By organizational perspective, the critical issue is the rational use of available resources, in order to ensure the best treatment to the victims: the triage procedure is one of the main factors involved in this process.
Mass casualty triage shows peculiar aspects related to the need of having to quickly and adequately assist the
largest number of casualties.
In Italy a law was enacted in 2007 to obtain uniformity of behavior : in particular , it pointed out features of the
Mass Casualty Card.
In the article we analyze Mass Casualty Card developed from Italian NGO ARES in collaboration with the Italian Civil
Protection and used in numerous international relief missions , as part of the European Civil Protection Mechanism .
It shows two schemes of triage: START triage, used at the site and SMART triage , used in field hospitals (AMP level I and II , LFH ) .
We describe also the triage CESIRA used by Italian Red Cross.

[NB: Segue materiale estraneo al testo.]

(* M^E(|x|, w) for any w with w(1)...w(|x|) = x: product tmat x_|x| ... tmat x_1 *)
Definition wordmat (E : R) (x : seq R) : 'M[R]_2 :=
  foldl (fun M a => tmat E a *m M) 1%:M x.

Definition FE (E : R) (x : seq R) : R := ln (opnorm (wordmat E x)).

Definition word_limit_exists (Om : set seqZ) (E : R) : Prop :=
  exists l : R, forall eps : R, 0 < eps ->
    exists N : nat, forall x, words Om x -> (N <= size x)%N ->
      `| FE E x / (size x)%:R - l | < eps.

End Subshift.

From Pilot Require Import Defs.
From HB Require Import structures.
From mathcomp Require Import all_boot all_order all_algebra.
From mathcomp Require Import all_classical all_reals all_analysis.
From mathcomp Require Import ring lra zify.
Set Implicit Arguments. Unset Strict Implicit. Unset Printing Implicit Defensive.
Import Order.TTheory GRing.Theory Num.Theory.
Local Open Scope classical_set_scope.
Local Open Scope ring_scope.

(* Transfer matrices have determinant 1, and for such 2x2 matrices the
   Frobenius norm gives 1 <= ||M|| and ||M^-1|| <= 2 ||M||.  For n >= 0,
   M^E(n, w) is the transfer matrix of the word w(1)...w(n), and
   M^E(-n, w) = M^E(n, T^-n w)^-1; so every log ||M^E(n, w)|| is within ln 2
   of F^E of a word of length |n|, and the word limit yields uniformity.
   Conversely, log ||M^E(n+1, w)|| and log ||M^E(n, T w)|| differ by a bounded
   amount, so the uniform limit L is shift invariant.  By minimality some
   T^k w agrees with w' on any finite window, and uniformity then forces L to
   be constant; that constant is the word limit. *)

Section Matrix22.
Variable R : comUnitRingType.
Implicit Types M : 'M[R]_2.

Lemma lift_ord2 (i : 'I_2) (j : 'I_1) : lift i j = if i == 0 then 1 else 0.
Proof. by apply/val_inj; case: i => [[|[|]]] //; rewrite ord1. Qed.

Lemma mulmx2E m n (A : 'M[R]_(m, 2)) (B : 'M[R]_(2, n)) i j :
  (A *m B) i j = A i 0 * B 0 j + A i 1 * B 1 j.
Proof. by rewrite mxE !big_ord_recl big_ord0 addr0 lift_ord2. Qed.

Lemma det_mx22 M : \det M = M 0 0 * M 1 1 - M 0 1 * M 1 0.
Proof.
rewrite (expand_det_row _ 0) !big_ord_recl big_ord0 addr0 /cofactor !det_mx11.
by rewrite !mxE !lift_ord2 /= expr0 expr1 mul1r mulN1r mulrN.
Qed.

Lemma adj_mx22E M : [/\ \adj M 0 0 = M 1 1, \adj M 0 1 = - M 0 1,
  \adj M 1 0 = - M 1 0 & \adj M 1 1 = M 0 0].
Proof.
rewrite !mxE /cofactor !det_mx11 !mxE !lift_ord2 /= modn_small //.
by rewrite /= expr0 expr1 expr2; split; ring.
Qed.

Lemma invmx_det1 M : \det M = 1 -> invmx M = \adj M.
Proof. by move=> M1; rewrite /invmx unitmxE M1 unitr1 invr1 scale1r. Qed.

Lemma invmxM n (A B : 'M[R]_n) : A \in unitmx -> B \in unitmx ->
  invmx (A *m B) = invmx B *m invmx A.
Proof.
move=> uA uB; have uAB : A *m B \in unitmx by rewrite unitmx_mul uA.
rewrite -[RHS](mulmxK uAB) mulmxA -(mulmxA _ _ A) mulVmx // mulmx1.
by rewrite mulVmx // mul1mx.
Qed.

Lemma invmxM_det1 (A B : 'M[R]_2) : \det A = 1 -> \det B = 1 ->
  invmx (A *m B) = invmx B *m invmx A.
Proof. by move=> A1 B1; rewrite invmxM // unitmxE ?A1 ?B1 unitr1. Qed.

End Matrix22.

Section OperatorNorm.
Variable R : realType.
Implicit Types (M A B : 'M[R]_2) (v : 'cV[R]_2).

Definition frob2 M := M 0 0 ^+ 2 + M 0 1 ^+ 2 + M 1 0 ^+ 2 + M 1 1 ^+ 2.

Lemma frob2_ge0 M : 0 <= frob2 M.
Proof. by rewrite /frob2 !addr_ge0 ?sqr_ge0. Qed.

Lemma frob2_adj M : frob2 (\adj M) = frob2 M.
Proof. by rewrite /frob2; case: (adj_mx22E M) => -> -> -> ->; rewrite !sqrrN; ring. Qed.

Lemma det_le_frob2 M : 2 * \det M <= frob2 M.
Proof.
rewrite det_mx22 /frob2 -subr_ge0.
have : 0 <= (M 0 0 - M 1 1) ^+ 2 + (M 0 1 + M 1 0) ^+ 2 by rewrite addr_ge0 ?sqr_ge0.
by congr (0 <= _); ring.
Qed.

Lemma vnorm2_ge0 v : 0 <= vnorm2 v.
Proof. exact: sqrtr_ge0. Qed.

Lemma sqr_vnorm2 v : vnorm2 v ^+ 2 = v 0 0 ^+ 2 + v 1 0 ^+ 2.
Proof. by rewrite sqr_sqrtr // addr_ge0 ?sqr_ge0. Qed.

Lemma vnorm2Z (s : R) v : vnorm2 (s *: v) = `|s| * vnorm2 v.
Proof. by rewrite /vnorm2 !mxE -sqrtr_sqr -sqrtrM ?sqr_ge0 //; congr Num.sqrt; ring. Qed.

Lemma sqr_vnorm2_mulmx_le_frob2 M v : vnorm2 (M *m v) ^+ 2 <= frob2 M * vnorm2 v ^+ 2.
Proof.
rewrite !sqr_vnorm2 !mulmx2E /frob2 -subr_ge0.
have : 0 <= (M 0 0 * v 1 0 - M 0 1 * v 0 0) ^+ 2 + (M 1 0 * v 1 0 - M 1 1 * v 0 0) ^+ 2.
  by rewrite addr_ge0 ?sqr_ge0.
by congr (0 <= _); ring.
Qed.

Lemma vnorm2_delta (i : 'I_2) : vnorm2 (delta_mx i 0 : 'cV[R]_2) = 1.
Proof.
by case: i => [[|[|//]] ?]; rewrite /vnorm2 !mxE /= expr1n expr0n ?addr0 ?add0r sqrtr1.
Qed.

Lemma vnorm2_mulmx_unit_le_frob2 M v : vnorm2 v = 1 -> vnorm2 (M *m v) <= Num.sqrt (frob2 M).
Proof.
move=> v1; rewrite -ler_sqr ?nnegrE ?sqrtr_ge0 ?vnorm2_ge0 // (sqr_sqrtr (frob2_ge0 M)).
by have := sqr_vnorm2_mulmx_le_frob2 M v; rewrite v1 expr1n mulr1.
Qed.

Lemma has_sup_opnorm M : has_sup [set vnorm2 (M *m v) | v in [set v | vnorm2 v = 1]].
Proof.
split; first by exists (vnorm2 (M *m delta_mx 0 0)), (delta_mx 0 0); first exact: vnorm2_delta.
by exists (Num.sqrt (frob2 M)) => _ [v /= v1 <-]; exact: vnorm2_mulmx_unit_le_frob2.
Qed.

Lemma vnorm2_mulmx_unit_le M v : vnorm2 v = 1 -> vnorm2 (M *m v) <= opnorm M.
Proof. by move=> v1; apply: sup_upper_bound (has_sup_opnorm M) _ _; exists v. Qed.

Lemma opnorm_le M C : (forall v, vnorm2 v = 1 -> vnorm2 (M *m v) <= C) -> opnorm M <= C.
Proof.
move=> ub; apply: ge_sup => [|_ [v /= v1 <-]]; last exact: ub.
by exists (vnorm2 (M *m delta_mx 0 0)), (delta_mx 0 0); first exact: vnorm2_delta.
Qed.

Lemma opnorm_ge0 M : 0 <= opnorm M.
Proof. exact: le_trans (vnorm2_ge0 _) (vnorm2_mulmx_unit_le M (vnorm2_delta 0)). Qed.

Lemma vnorm2_mulmx_le M v : vnorm2 (M *m v) <= opnorm M * vnorm2 v.
Proof.
have [v0|v_neq0] := eqVneq (vnorm2 v) 0.
  have := sqr_vnorm2_mulmx_le_frob2 M v; rewrite v0 expr0n mulr0 /= => Mv0.
  by rewrite mulr0 -(@ler_sqr _ _ 0) ?nnegrE ?vnorm2_ge0 // expr0n.
have v_gt0 : 0 < vnorm2 v by rewrite lt_def v_neq0 vnorm2_ge0.
have u1 : vnorm2 ((vnorm2 v)^-1 *: v) = 1.
  by rewrite vnorm2Z ger0_norm ?invr_ge0 ?vnorm2_ge0 // mulVf.
have := vnorm2_mulmx_unit_le M u1.
by rewrite -scalemxAr vnorm2Z ger0_norm ?invr_ge0 ?vnorm2_ge0 // mulrC ler_pdivrMr.
Qed.

Lemma opnorm_mulmx_le A B : opnorm (A *m B) <= opnorm A * opnorm B.
Proof.
apply: opnorm_le => v v1; rewrite -mulmxA; apply: le_trans (vnorm2_mulmx_le A _) _.
by rewrite ler_wpM2l ?opnorm_ge0 // -[opnorm B]mulr1 -v1 vnorm2_mulmx_le.
Qed.

Lemma sqr_opnorm_le_frob2 M : opnorm M ^+ 2 <= frob2 M.
Proof.
rewrite -[frob2 M]sqr_sqrtr ?frob2_ge0 // ler_sqr ?nnegrE ?opnorm_ge0 ?sqrtr_ge0 //.
by apply: opnorm_le => v; exact: vnorm2_mulmx_unit_le_frob2.
Qed.

Lemma frob2_le_sqr_opnorm M : frob2 M <= 2 * opnorm M ^+ 2.
Proof.
have col_le (j : 'I_2) : vnorm2 (M *m delta_mx j 0) ^+ 2 <= opnorm M ^+ 2.
  rewrite ler_sqr ?nnegrE ?vnorm2_ge0 ?opnorm_ge0 //.
  exact: vnorm2_mulmx_unit_le (vnorm2_delta j).
move: (col_le 0) (col_le 1); rewrite !sqr_vnorm2 !mulmx2E !mxE /= /frob2.
rewrite !mulr1 !mulr0 !addr0 !add0r; lra.
Qed.

Lemma opnorm_adj M : opnorm (\adj M) <= 2 * opnorm M.
Proof.
have := sqr_opnorm_le_frob2 (\adj M); rewrite frob2_adj => adj_le.
have := frob2_le_sqr_opnorm M; have := opnorm_ge0 M; have := opnorm_ge0 (\adj M).
nra.
Qed.

Lemma opnorm_ge1 M : \det M = 1 -> 1 <= opnorm M.
Proof.
move=> M1; have := det_le_frob2 M; rewrite M1 mulr1 => frob2_ge2.
have := frob2_le_sqr_opnorm M; have := opnorm_ge0 M; nra.
Qed.

End OperatorNorm.

Section LogNorm.
Variable R : realType.
Implicit Types (M A B : 'M[R]_2).

Lemma ln_le_lnM (x y z : R) : 0 < x -> 0 < y -> 0 < z -> x <= y * z -> ln x <= ln y + ln z.
Proof. by move=> x0 y0 z0 le_xyz; rewrite -lnM ?posrE // ler_ln ?posrE ?mulr_gt0. Qed.

Lemma opnorm_gt0 M : \det M = 1 -> 0 < opnorm M.
Proof. by move/opnorm_ge1; apply: lt_le_trans. Qed.

Lemma det_invmx1 M : \det M = 1 -> \det (invmx M) = 1.
Proof. by move=> M1; rewrite det_inv M1 invr1. Qed.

Keywords: Mass casualty; triage; Disaster Medicine; START triage; SMART triage
Il triage nella storia
La parola triage deriva dal francese “trier” che significa smistare. La prima descrizione dell’applicazione di una
selezione dei pazienti risale alle guerre napoleoniche, quando il capo chirurgo dell’ospedale da campo dell’armata francese, il barone Jean Dominique Larrey, organizzò i primi soccorsi ai soldati feriti sul campo scegliendo di
soccorrere per primi quelli che avevano subito lesioni meno gravi ed erano, quindi, più rapidamente recuperabili
per la battaglia. Nelle epoche successive la pratica del triage si diffuse inizialmente in ambito militare, con caratteristiche sempre più evolute e perfezionate, e in un secondo momento anche in ambito civile.
La Maxiemergenza
La maxiemergenza in senso stretto può essere definita come la condizione nella quale le necessità dei pazienti
eccedono la possibilità del sistema sanitario di soddisfarle: si verifica pertanto un mismatch tra le richieste ed i
mezzi a disposizione.
La definizione citata non fa rifermento ad uno squilibrio in senso assoluto, ma contestualizzato in una determinata
realtà: ecco dunque che l’evento considerato maxiemergenziale in un ambito rurale non è necessariamente tale in
un ambiente urbano, ove le possibilità di prestare soccorso sono nettamente maggiori.
Dal punto di vista organizzativo, l’aspetto più arduo per tutti i sistemi di soccorso è quello di utilizzare nel modo
più razionale le risorse disponibili, con il fine ultimo di assicurare il miglior trattamento possibile alle vittime.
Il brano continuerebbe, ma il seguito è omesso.